On March 16, 1993, Culpepper's AFL rights were acquired by the Cleveland Thunderbolts in an allocation draft due to the Night having folded. He played in the 1993 season opener for the Thunderbolts, catching a team-leading four passes for 43 yards and one touchdown while also posting one solo tackle.

Culpepper left the Thunderbolts to sign with the Saskatchewan Roughriders of the Canadian Football League (CFL) in May 1993. After signing with the Roughriders, Culpepper noted that he had "gone from the smallest field in football (arena football) to the largest one (Canadian football)." His main attribute as a player was his speed. He reportedly had a 4.3 second 40-yard dash in June 1993. Culpepper began the 1993 CFL season on the practice roster. He was promoted to the active roster in August as a replacement for Byron Williams. Culpepper made his CFL debut on August 11 against the Ottawa Rough Riders, catching five passes for 85 yards and one touchdown. He dressed in three games for the Roughriders in 1993, recording six receptions for 95 yards and one touchdown, two kickoff returns for 42 yards, and two punt returns for 16 yards. However, he was sidelined due to a shoulder issue and recurring headaches. Culpepper was released by Saskatchewan on October 19, 1993.

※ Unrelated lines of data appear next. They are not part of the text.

(* Let $C$ be a quasi-category and $c\in C_0$ a vertex. Then for every $n\geq2$ the homotopy monoid $\tau_n(C^e,c)$ is a group.
   Context: A stratified simplicial set is a pair $(X,tX)$ where $X$ is a simplicial set and $tX$ is a set of simplices of $X$ (thin simplices) containing all degenerate simplices and no $0$-simplices; stratified maps are simplicial maps preserving thin simplices. For a quasi-category $C$, $C^e$ is the stratified simplicial set with underlying simplicial set $C$ whose thin simplices are the degenerate simplices, all simplices of dimension $\ge 2$, and the $1$-simplices of $C$ that are equivalences (isomorphisms in the homotopy category of $C$); $C^e$ is a weak complicial set. In particular every simplex of $C^e$ of dimension $\geq 2$ is thin. For $n\ge1$, $\Delta[n]_t$ is $\Delta[n]$ with thin simplices the degenerate ones and $\mathrm{Id}_{[n]}$. For $k\in[n]$, $\Delta^k[n]$ is $\Delta[n]$ with thin simplices the degenerate ones and all $\alpha:[m]\to[n]$ with $\{k-1,k,k+1\}\cap[n]\subset\mathrm{Im}(\alpha)$. The product $X\circledast Y$ has underlying simplicial set $X\times Y$, with $(x,y)$ thin iff $x$ and $y$ are thin. For stratified maps $f,g:A\to X$ and an inclusion $B\hookrightarrow A$ with $f|_B=g|_B$, $f\sim_B g$ means there is a stratified map $H:A\circledast\Delta[1]_t\to X$ with $H|_{A\times\{0\}}=f$, $H|_{A\times\{1\}}=g$ and $H|_{B\circledast\Delta[1]_t}=f|_B\circ\mathrm{proj}_B$; $n$-simplices are regarded as stratified maps from $\Delta[n]$ with only degenerate simplices thin. For a weak complicial set $X$, vertex $x$, and $n\ge1$, $\tau_n(X,x)$ is the set of $\sim_{\partial\Delta[n]}$-classes of $n$-simplices $\alpha$ whose restriction to $\partial\Delta[n]$ is constant at $x$, with multiplication $[\alpha][\beta]=[d_n\theta]$ where $\theta:\Delta^n[n+1]\to X$ is any stratified map with $d_{n-1}\theta=\alpha$, $d_{n+1}\theta=\beta$, and $d_i\theta$ constant at $x$ for $i\notin\{n-1,n,n+1\}$; this is a monoid with unit the class of the constant simplex at $x$. *)

From mathcomp Require Import all_boot.
Set Implicit Arguments.
Unset Strict Implicit.
Unset Printing Implicit Defensive.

Culpepper signed with the Albany Firebirds of the AFL on April 24, 1995. He played in all 12 games for the Firebirds during the 1995 season, totaling 48 catches for	658	yards and 14 touchdowns, 28 solo tackles, five assisted tackles, three interceptions for 22 yards and one touchdown, five pass breakups, and nine kick returns for 102 yards. Albany finished the year with a 7–5 record and lost in the semifinals to the Tampa Bay Storm by a score of 56–49. Culpepper appeared in nine games for Albany in 1996, accumulating 20 receptions for 419 yards and nine touchdowns, six solo tackles, five assisted tackles, two interceptions, three pass breakups, and one forced fumble. In July 1996, he requested his release from the Firebirds, stating that he did not feel wanted and that his minutes had decreased. Culpepper also stated "They fined me for dropping a pass in practice. It was getting a little too ridiculous." He was granted his release by Albany in July 1996.

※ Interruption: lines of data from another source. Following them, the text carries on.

Lemma exists_Rmin (S : seq T) : S != [::] ->
  exists2 z, z \in S & forall y, y \in S -> y != z -> R z y.
Proof.
elim: S => [|a [|b S] IH] // _.
  by exists a => [|y]; rewrite ?mem_head // inE => /eqP ->; rewrite eqxx.
have [z zS zmin] := IH isT.
case: (eqVneq a z) => [az|/R_total /orP [Raz|Rza]].
- exists z => [|y]; first by rewrite in_cons zS orbT.
  by rewrite in_cons => /predU1P [->|]; [rewrite az eqxx | apply: zmin].
- exists a => [|y]; first exact: mem_head.
  rewrite in_cons => /predU1P [->|yS]; first by rewrite eqxx.
  by case: (eqVneq y z) => [-> //|yz] _; apply: R_trans (zmin y yS yz).
- exists z => [|y]; first by rewrite in_cons zS orbT.
  by rewrite in_cons => /predU1P [-> _ //|]; apply: zmin.
Qed.

Lemma arranged_insert (t : seq T) z : arranged t -> z \notin t ->
  (forall y, y \in t -> R z y) -> c z <= size t ->
  arranged (take (c z) t ++ z :: drop (c z) t).
Proof.
move=> ht zt zmin czt u x w e.
have mem_t y : y \in u ++ x :: w -> y != z -> y \in t.
  rewrite -e mem_cat in_cons orbCA => /orP [/eqP -> |]; first by rewrite eqxx.
  by rewrite -mem_cat cat_take_drop.
have zNtake : z \notin take (c z) t by apply: contra zt; apply: mem_take.
have [xz|xz] := eqVneq x z.
  have zu : z \notin u.
    apply/count_memPn; move: (congr1 (count_mem z) e).
    rewrite !count_cat /= xz eqxx addnCA -count_cat cat_take_drop (count_memPn zt).
    by move=> /=; lia.
  rewrite xz; have <- : size u = c z.
    move: (congr1 (index z) e); rewrite !index_cat /= xz eqxx (negbTE zu) (negbTE zNtake).
    by rewrite size_takel // !addn0.
  rewrite -(count_predT u); apply: eq_in_count => y yu /=.
  by rewrite zmin // mem_t // ?mem_cat ?yu //; apply: contraNneq zu => <-.
have Rxz : R x z = false.
  have xt : x \in t by apply: mem_t; rewrite // mem_cat mem_head orbT.
  by apply/negbTE/negP => Rxz; have := R_irr x; rewrite (R_trans Rxz (zmin x xt)).
have /ht <- : t = [seq y <- u | y != z] ++ x :: [seq y <- w | y != z].
  move: (congr1 (filter (predC1 z)) e); rewrite !filter_cat /= eqxx xz -filter_cat.
  rewrite cat_take_drop (all_filterP _) //; apply/allP => y yt.
  by apply: contraNneq zt => <-.
rewrite count_filter; apply: eq_count => y /=.
by case: eqVneq => [->|]; rewrite ?Rxz ?andbT.
Qed.

Lemma exists_arranged (S : seq T) : uniq S ->
  (forall x, x \in S -> c x <= count (R x) S) -> exists2 t, perm_eq t S & arranged t.
Proof.
elim: {S}(size S) {-2}S (erefl (size S)) => [|k IH] S sizeS uS cS.
  by exists [::] => [|[]]; rewrite ?(size0nil sizeS).
have [z zS zmin] : exists2 z, z \in S & forall y, y \in S -> y != z -> R z y.
  by apply: exists_Rmin; case: S sizeS {uS cS}.
set S' := rem z S; have eS : perm_eq S (z :: S') := perm_to_rem zS.
have mem_S' y : (y \in S') = (y != z) && (y \in S) by rewrite (mem_rem_uniq z uS) inE.
have Rz_S' y : y \in S' -> R z y by rewrite mem_S' => /andP [yz /zmin]; apply.
have RS'_z y : y \in S' -> R y z = false.
  by move=> /Rz_S' Rzy; apply/negbTE/negP => Ryz; have := R_irr z; rewrite (R_trans Rzy Ryz).
have [t tS' arr_t] : exists2 t, perm_eq t S' & arranged t.
  apply: IH; rewrite ?rem_uniq // ?size_rem // ?sizeS // => x xS'.
  have /andP [_ xS] : (x != z) && (x \in S) by rewrite -mem_S'.
  by have := cS x xS; rewrite (permP eS) /= RS'_z.
have zt : z \notin t by rewrite (perm_mem tS') mem_S' eqxx.
exists (take (c z) t ++ z :: drop (c z) t).
  by rewrite (permPr eS) -cat1s perm_catCA cat1s perm_cons cat_take_drop.
apply: arranged_insert => // [y|]; first by rewrite (perm_mem tS'); apply: Rz_S'.
have := cS z zS; rewrite (permP eS) /= R_irr (perm_size tS').
by move/leq_trans; apply; apply: count_size.
Qed.
End Arrangement.

(* Peak, valley, double ascent, double descent: descent top only, descent bottom
   only, neither, both. *)
Definition step_of (dtop dbot : bool) : step :=
  match dtop, dbot with
  | true, false => D
  | false, true => U
  | false, false => Lb
  | true, true => Lr
  end.

Section PhiLastLetterOne.
Variables (n : nat) (rho : seq nat).
Hypotheses (rho_perm : perm_eq rho (iota 1 n.+2)) (rho_last : last 0 rho = 1).

Local Notation v := (Defs.val rho).
Local Notation F := (fword rho).
Local Notation G := (gword rho).
Local Notation F' := (fword' rho).
Local Notation G' := (gword' rho).

Lemma size_rho : size rho = n.+2.
Proof. by rewrite (perm_size rho_perm) size_iota. Qed.

Lemma rho_uniq : uniq rho.
Proof. by rewrite (perm_uniq rho_perm) iota_uniq. Qed.

Lemma mem_rho (x : nat) : (x \in rho) = (0 < x <= n.+2).
Proof. by rewrite (perm_mem rho_perm) mem_iota; lia. Qed.

Lemma val_last : v n.+2 = 1.
Proof. by rewrite /= -rho_last -nth_last size_rho. Qed.

Lemma val_mem i : 0 < i <= n.+2 -> v i \in rho.
Proof. by case: i => [|i] // hi; rewrite /= mem_nth // size_rho. Qed.

Lemma val_leq i : v i <= n.+2.
Proof.
case: i => [|i] //=; case: (ltnP i n.+2) => hi; last by rewrite nth_default ?size_rho.
by have /= := @val_mem i.+1; rewrite mem_rho; lia.
Qed.

Lemma val_rho_inj i j : 0 < i <= n.+2 -> 0 < j <= n.+2 -> v i = v j -> i = j.
Proof.
case: i j => [|i] [|j] // hi hj /= /eqP; rewrite nth_uniq ?rho_uniq ?size_rho //.
by move=> /eqP ->.
Qed.

Lemma pos_bound (x : nat) : x \in rho -> 0 < pos rho x <= n.+2.
Proof. by rewrite /pos -size_rho ltnS -index_mem. Qed.

Lemma val_pos (x : nat) : x \in rho -> v (pos rho x) = x.
Proof. exact: nth_index. Qed.

Lemma pos_val i : 0 < i <= n.+2 -> pos rho (v i) = i.
Proof. by case: i => [|i] // hi; rewrite /pos /= index_uniq ?rho_uniq // size_rho. Qed.

Lemma pos_1 : pos rho 1 = n.+2.
Proof. by rewrite -val_last pos_val ?leqnn. Qed.

Lemma pos_leq (y : nat) : y \in rho -> 1 < y -> pos rho y <= n.+1.
Proof.
move=> hy hy1; have := pos_bound hy; have := val_pos hy.
by case: (eqVneq (pos rho y) n.+2) => [->|]; rewrite ?val_last; lia.
Qed.

Lemma map_val_iota : map v (iota 1 n.+2) = rho.
Proof.
rewrite -{2}(mkseq_nth 0 rho) /mkseq size_rho (iotaDl 1 0) -map_comp.
exact: eq_map.
Qed.

Lemma mem_select (Q : pred nat) (x : nat) : x \in rho ->
  (x \in [seq v i | i <- iota 1 (size rho) & Q i]) = Q (pos rho x).
Proof.
move=> hx; rewrite size_rho; apply/mapP/idP => [[i]|hQ].
  by rewrite mem_filter mem_iota => /andP [hQ hi] ->; rewrite pos_val //; lia.
exists (pos rho x); last by rewrite val_pos.
by rewrite mem_filter hQ mem_iota /=; have := pos_bound hx; lia.
Qed.

Lemma dtopsE (x : nat) : x \in rho -> 1 < x -> (x \in dtops rho) = (v (pos rho x).+1 < x).
Proof.
move=> hx hx1; rewrite mem_select // /dtopP size_rho val_pos //=.
by rewrite (pos_leq hx hx1).
Qed.

Lemma fwordE (x : nat) : x \in rho -> (x \in F) = (x < v (pos rho x).-1).
Proof.
move=> hx; rewrite mem_sort mem_select // /dbotP val_pos //.
by case: (pos rho x) => [|[|k]].
Qed.

Lemma mem_ndtops (x : nat) : x \in rho -> (x \in ndtops rho) = (x \notin dtops rho).
Proof. by move=> hx; rewrite mem_select // (mem_select (dtopP rho)). Qed.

Culpepper was then claimed off waivers by the Connecticut Coyotes, who needed a receiver after Larry Ray Willis suffered an injury and Wayne Morris received a tryout with the NFL's New York Jets. Culpepper played in two games for the Coyotes during the 1996 season, catching 13 passes for 193 yards and two touchdowns. The Coyotes folded after the 1996 season.

In November 1996, Culpepper was selected by the AFL's New York CityHawks in a dispersal draft. On April 8, 1997, he was traded to the San Jose SaberCats for Kip Texada. Culpepper played in 11 games for the SaberCats in 1997, recording 48	receptions for 732	yards and 11 touchdowns, 12 solo tackles, seven assisted tackles, one interception for 47 yards, one pass breakup, and one fumble recovery. San Jose finished the 1997 season with an 8–6 record and lost in the quarterfinals to the Iowa Barnstormers by a margin of 68–59. In April 1998, it was reported that Culpepper had failed to report to the team. He was officially waived by the SaberCats the next year on April 6, 1999.

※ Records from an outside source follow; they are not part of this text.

(** Along a coordinate direction the loss is a quadratic polynomial in the
  step size, so each partial derivative is its linear coefficient, and the
  output token x_o enters it only through e_{x_o}.  Summing out x_o thus only
  uses that the columns of P and Q are probability vectors.  As x_1, ..., x_T
  are i.i.d. with law mu, E[f(x_t) g(x_s)] is E_mu[f g] for t = s and
  E_mu[f] E_mu[g] otherwise, whence
  E[(sum_t a_t f(x_t)) (sum_s b_s g(x_s))]
    = (sum_t a_t b_t) Cov_mu(f, g) + (sum_t a_t) (sum_s b_s) E_mu[f] E_mu[g].
  The normalisations 1^T A = 1^T, 1^T Q = 1^T, V mu = mu and P mu = mu turn
  these means and covariances into the stated closed forms. *)

Section BigDelta.
Variables (R : comNzRingType) (I : finType).

Lemma sum_mul_delta (h : I -> R) (i : I) : \sum_j h j * (j == i)%:R = h i.
Proof.
under eq_bigr => j _ do rewrite mulr_natr mulrb.
by rewrite -big_mkcond big_pred1_eq.
Qed.

Lemma prod_if_eq (h : I -> R) (i : I) : \prod_j (if j == i then h j else 1) = h i.
Proof. by rewrite -big_mkcond big_pred1_eq. Qed.

End BigDelta.

Section Derivative.
Variable R : realType.

Lemma derive1_quadratic (a b c : R) :
  derive1 (fun s : R => a + s * b + s ^+ 2 * c) 0 = b.
Proof.
have -> : (fun s : R => a + s * b + s ^+ 2 * c)
    = horner (a%:P + b *: 'X + c *: 'X^2).
  by apply: funext => s; rewrite !hornerD !hornerZ hornerX hornerXn hornerC; ring.
by rewrite -derivE !derivD !derivZ derivX derivXn derivC !hornerE.
Qed.

Lemma derive1_half_sum_sq (I : finType) (r d : I -> R) :
  derive1 (fun s : R => 2^-1 * \sum_i (r i - s * d i) ^+ 2) 0
  = - \sum_i r i * d i.
Proof.
have -> : (fun s : R => 2^-1 * \sum_i (r i - s * d i) ^+ 2)
    = (fun s => 2^-1 * \sum_i r i ^+ 2 + s * (- \sum_i r i * d i)
                + s ^+ 2 * (2^-1 * \sum_i d i ^+ 2)).
  apply: funext => s; rewrite !mulr_sumr -sumrN !mulr_sumr -!big_split /=.
  by apply: eq_bigr => i _; field.
exact: derive1_quadratic.
Qed.

End Derivative.

Section Gradients.
Variables (R : realType) (N T : nat).
Implicit Types (V : 'M[R]_N) (A : 'M[R]_(T, N)) (x : {ffun 'I_T -> 'I_N}).

Lemma derive1_half_sqdist_evec (o : 'I_N) (y : R -> 'cV[R]_N) (p q : 'I_N -> R) :
  (forall s n, y s n 0 = p n + s * q n) ->
  derive1 (fun s => 2^-1 * \sum_n ((evec R o - y s) n 0) ^+ 2) 0
  = \sum_n (p n - (n == o)%:R) * q n.
Proof.
move=> yE.
have -> : (fun s => 2^-1 * \sum_n ((evec R o - y s) n 0) ^+ 2)
    = (fun s => 2^-1 * \sum_n (((n == o)%:R - p n) - s * q n) ^+ 2).
  by apply: funext => s; congr (_ * _); apply: eq_bigr => n _; rewrite !mxE yE opprD addrA.
rewrite derive1_half_sum_sq -sumrN; apply: eq_bigr => n _; ring.
Qed.

Lemma mulmx_Xmat_colE V A x (k n : 'I_N) :
  (V *m Xmat R x *m col k A) n 0 = \sum_t A t k * V n (x t).
Proof.
rewrite -mulmxA mxE.
under eq_bigr => m _ do rewrite mxE mulr_sumr.
rewrite exchange_big /=; apply: eq_bigr => t _.
under eq_bigr => m _ do rewrite !mxE mulrCA mulrC eq_sym.
by rewrite sum_mul_delta mulrC.
Qed.

Lemma gradVE V A x (k o i j : 'I_N) :
  gradV V A x k o i j = (\sum_t A t k * V i (x t) - (i == o)%:R)
                         * \sum_t A t k * (x t == j)%:R.
Proof.
rewrite mxE /loss (@derive1_half_sqdist_evec _ _ (fun n => \sum_t A t k * V n (x t))
  (fun n => (\sum_t A t k * (x t == j)%:R) * (n == i)%:R)).
  by under eq_bigr => n _ do rewrite mulrA; rewrite sum_mul_delta.
move=> s n; rewrite mulmx_Xmat_colE mulrA mulr_sumr mulr_suml -big_split /=.
apply: eq_bigr => t _; rewrite !mxE.
by case: (n == i); case: (x t == j); rewrite /=; ring.
Qed.

Lemma gradAE V A (c : 'I_N) x (k o : 'I_N) (t : 'I_T) :
  gradA V A c x k o t 0 = (k == c)%:R *
     (\sum_n (\sum_s A s k * V n (x s)) * V n (x t) - V o (x t)).
Proof.
rewrite mxE /loss (@derive1_half_sqdist_evec _ _ (fun n => \sum_s A s k * V n (x s))
  (fun n => (k == c)%:R * V n (x t))).
  under eq_bigr => n _ do rewrite mulrBl.
  rewrite sumrB; under [X in _ - X]eq_bigr => n _ do rewrite mulrC.
  rewrite sum_mul_delta mulrBr mulr_sumr; congr (_ - _).
  by apply: eq_bigr => n _; ring.
move=> s n; rewrite mulmx_Xmat_colE.
under eq_bigr => u _ do rewrite !mxE mulrDl.
rewrite big_split /=; congr (_ + _).
transitivity (\sum_u (s * (k == c)%:R * V n (x u)) * (u == t)%:R).
  by apply: eq_bigr => u _; rewrite -mulnb natrM; ring.
by rewrite sum_mul_delta mulrA.
Qed.

End Gradients.

Section ProductMeasure.
Variables (R : realType) (N T : nat) (mu : 'cV[R]_N).
Hypothesis mu_sum1 : \sum_n mu n 0 = 1.

Definition prodw (x : {ffun 'I_T -> 'I_N}) : R := \prod_t mu (x t) 0.

Definition mean (f : 'I_N -> R) : R := \sum_n mu n 0 * f n.

Definition cov (f g : 'I_N -> R) : R := mean (fun n => f n * g n) - mean f * mean g.

Lemma mean1 : mean (fun=> 1) = 1.
Proof. by rewrite /mean; under eq_bigr do rewrite mulr1. Qed.

Lemma expect_prod (F : 'I_T -> 'I_N -> R) :
  \sum_x prodw x * \prod_t F t (x t) = \prod_t mean (F t).
Proof.
by rewrite /mean bigA_distr_bigA /=; apply: eq_bigr => x _; rewrite -big_split.
Qed.

Lemma expect_pair (t s : 'I_T) (f g : 'I_N -> R) :
  \sum_x prodw x * (f (x t) * g (x s))
  = if t == s then mean (fun n => f n * g n) else mean f * mean g.
Proof.
pose F u n := (if u == t then f n else 1) * (if u == s then g n else 1).
transitivity (\sum_x prodw x * \prod_u F u (x u)).
  apply: eq_bigr => x _; rewrite big_split /=.
  by rewrite (prod_if_eq (fun u => f (x u))) (prod_if_eq (fun u => g (x u))).
rewrite expect_prod /F; case: eqP => [<- | /eqP ts].
  rewrite -(prod_if_eq (fun=> mean (fun n => f n * g n)) t).
  apply: eq_bigr => u _; case: (u == t) => //.
  by rewrite mulr1 mean1.
rewrite -(prod_if_eq (fun=> mean f) t) -(prod_if_eq (fun=> mean g) s) -big_split /=.
apply: eq_bigr => u _.
have [->|ut] := eqVneq u t.
  rewrite (negPf ts) mulr1.
  by congr mean; apply: funext => n; rewrite mulr1.
rewrite mul1r; case: (u == s); last by rewrite mulr1 mean1.
by congr mean; apply: funext => n; rewrite mul1r.
Qed.

Lemma expect_bilinear (al be : 'I_T -> R) (f g : 'I_N -> R) :
  \sum_x prodw x * ((\sum_t al t * f (x t)) * (\sum_s be s * g (x s)))
  = (\sum_t al t * be t) * cov f g
    + (\sum_t al t) * (\sum_s be s) * (mean f * mean g).
Proof.
have pairE (t s : 'I_T) : (if t == s then mean (fun n => f n * g n) else mean f * mean g)
    = cov f g * (s == t)%:R + mean f * mean g.
  by rewrite /cov eq_sym; case: (s == t); rewrite /= ?mulr1 ?mulr0 ?add0r ?subrK.
transitivity (\sum_t \sum_s al t * be s * \sum_x prodw x * (f (x t) * g (x s))).
  under [RHS]eq_bigr => t _ do under eq_bigr => s _ do rewrite mulr_sumr.
  under [RHS]eq_bigr => t _ do rewrite exchange_big.
  rewrite [RHS]exchange_big; apply: eq_bigr => x _ /=.
  rewrite mulr_suml mulr_sumr; apply: eq_bigr => t _.
  rewrite !mulr_sumr; apply: eq_bigr => s _; ring.
under eq_bigr => t _ do
  (under eq_bigr => s _ do rewrite expect_pair pairE mulrDr mulrA;
   rewrite big_split sum_mul_delta /=).
set M := mean f * mean g.
rewrite big_split /=; congr (_ + _); first by rewrite mulr_suml.
rewrite -mulrA mulr_suml; apply: eq_bigr => t _.
rewrite mulr_suml mulr_sumr; apply: eq_bigr => s _; ring.
Qed.

Lemma expect_sum_mul (al : 'I_T -> R) (f g : 'I_N -> R) (t : 'I_T) :
  \sum_x prodw x * ((\sum_s al s * f (x s)) * g (x t))
  = al t * cov f g + (\sum_s al s) * (mean f * mean g).
Proof.
have sum_delta : \sum_s (s == t)%:R = 1 :> R.
  by rewrite -[RHS](sum_mul_delta (fun=> 1) t); under [RHS]eq_bigr do rewrite mul1r.
have := expect_bilinear al (fun s => (s == t)%:R) f g.
rewrite sum_mul_delta sum_delta mulr1 => <-; apply: eq_bigr => x _.
congr (_ * (_ * _)); rewrite -(sum_mul_delta (fun s => g (x s)) t).
by apply: eq_bigr => s _; rewrite mulrC.
Qed.

End ProductMeasure.

Section MuMoments.
Variables (R : realType) (N : nat) (mu : 'cV[R]_N).

Lemma mean_row_fixed (M : 'M[R]_N) (i : 'I_N) :
  M *m mu = mu -> mean mu (fun n => M i n) = mu i 0.
Proof.
move=> /(congr1 (fun v : 'cV[R]_N => v i 0)); rewrite /= mxE => <-.
by apply: eq_bigr => n _; rewrite mulrC.
Qed.

Lemma mean_delta (h : 'I_N -> R) (j : 'I_N) :
  mean mu (fun n => h n * (n == j)%:R) = mu j 0 * h j.
Proof.
by rewrite /mean; under eq_bigr => n _ do rewrite mulrA; rewrite sum_mul_delta.
Qed.

Lemma cov_delta (h : 'I_N -> R) (j : 'I_N) :
  cov mu h (fun n => (n == j)%:R) = mu j 0 * h j - mean mu h * mu j 0.
Proof.
rewrite /cov mean_delta; congr (_ - _ * _).
by rewrite -[RHS]mulr1 -(mean_delta (fun=> 1)); congr mean; apply: funext => n; rewrite mul1r.
Qed.

Lemma ipmuE (m : nat) (M M' : 'M[R]_(m, N)) :
  ipmu mu M M' = \sum_k mu k 0 * \sum_t M t k * M' t k.
Proof.
rewrite /ipmu /mxtrace mul_mx_diag.
under eq_bigr => t _ do rewrite mxE; rewrite exchange_big /=.
apply: eq_bigr => k _; rewrite mulr_sumr; apply: eq_bigr => t _.
by rewrite !mxE; ring.
Qed.

Lemma ipmu_meanE (m : nat) (M M' : 'M[R]_(m, N)) :
  ipmu mu M M' = \sum_t mean mu (fun k => M t k * M' t k).
Proof.
rewrite ipmuE exchange_big /=; apply: eq_bigr => t _.
by rewrite mulr_sumr.
Qed.

Lemma ipmuC (m : nat) (M M' : 'M[R]_(m, N)) : ipmu mu M M' = ipmu mu M' M.
Proof.
by rewrite !ipmuE; apply: eq_bigr => k _; under eq_bigr do rewrite mulrC.
Qed.

Lemma sum_cov_rows (M M' : 'M[R]_N) :
  M *m mu = mu -> M' *m mu = mu ->
  \sum_n cov mu (fun m => M n m) (fun m => M' n m) = ipmu mu M M' - sqnorm mu.
Proof.
move=> Mmu M'mu; rewrite /cov sumrB ipmu_meanE; congr (_ - _).
by apply: eq_bigr => n _; rewrite (mean_row_fixed _ Mmu) (mean_row_fixed _ M'mu) expr2.
Qed.

End MuMoments.

Lemma ExpectE (R : realType) (N T m n : nat) (mu : 'cV[R]_N) (P : 'M[R]_N)
    (Q : 'M[R]_(T, N)) (f : {ffun 'I_T -> 'I_N} -> 'I_N -> 'I_N -> 'M[R]_(m, n))
    (i : 'I_m) (j : 'I_n) :
  Expect mu P Q f i j
  = \sum_x \sum_k \sum_o jointw mu P Q x k o * f x k o i j.
Proof.
rewrite summxE; apply: eq_bigr => x _; rewrite summxE; apply: eq_bigr => k _.
by rewrite summxE; apply: eq_bigr => o _; rewrite mxE.
Qed.

Section ExpectedGradients.
Variables (R : realType) (N T : nat)
  (P : 'M[R]_N) (mu : 'cV[R]_N) (Q : 'M[R]_(T, N))
  (V : 'M[R]_N) (A : 'M[R]_(T, N)).
Hypotheses (P_sum1 : forall j, \sum_i P i j = 1)
  (mu_sum1 : \sum_i mu i 0 = 1)
  (P_mu : P *m mu = mu)
  (Q_sum1 : forall k, \sum_t Q t k = 1)
  (V_mu : V *m mu = mu)
  (A_sum1 : forall k, \sum_t A t k = 1).

Lemma sum_emission (x : {ffun 'I_T -> 'I_N}) (k : 'I_N) :
  \sum_o \sum_t Q t k * P o (x t) = 1.
Proof.
rewrite exchange_big /= -(Q_sum1 k); apply: eq_bigr => t _.
by rewrite -mulr_sumr P_sum1 mulr1.
Qed.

Culpepper returned to the AFL in 2000, signing with the Buffalo Destroyers on March 22, 2000. He was placed on injured reserve on April 11, activated on April 26, and placed on injured reserve again on May 31, 2000. Overall, he played in two games during the 2000 season, catching six passes for 99 yards while also posting seven solo tackles, one assisted tackle, and two pass breakups.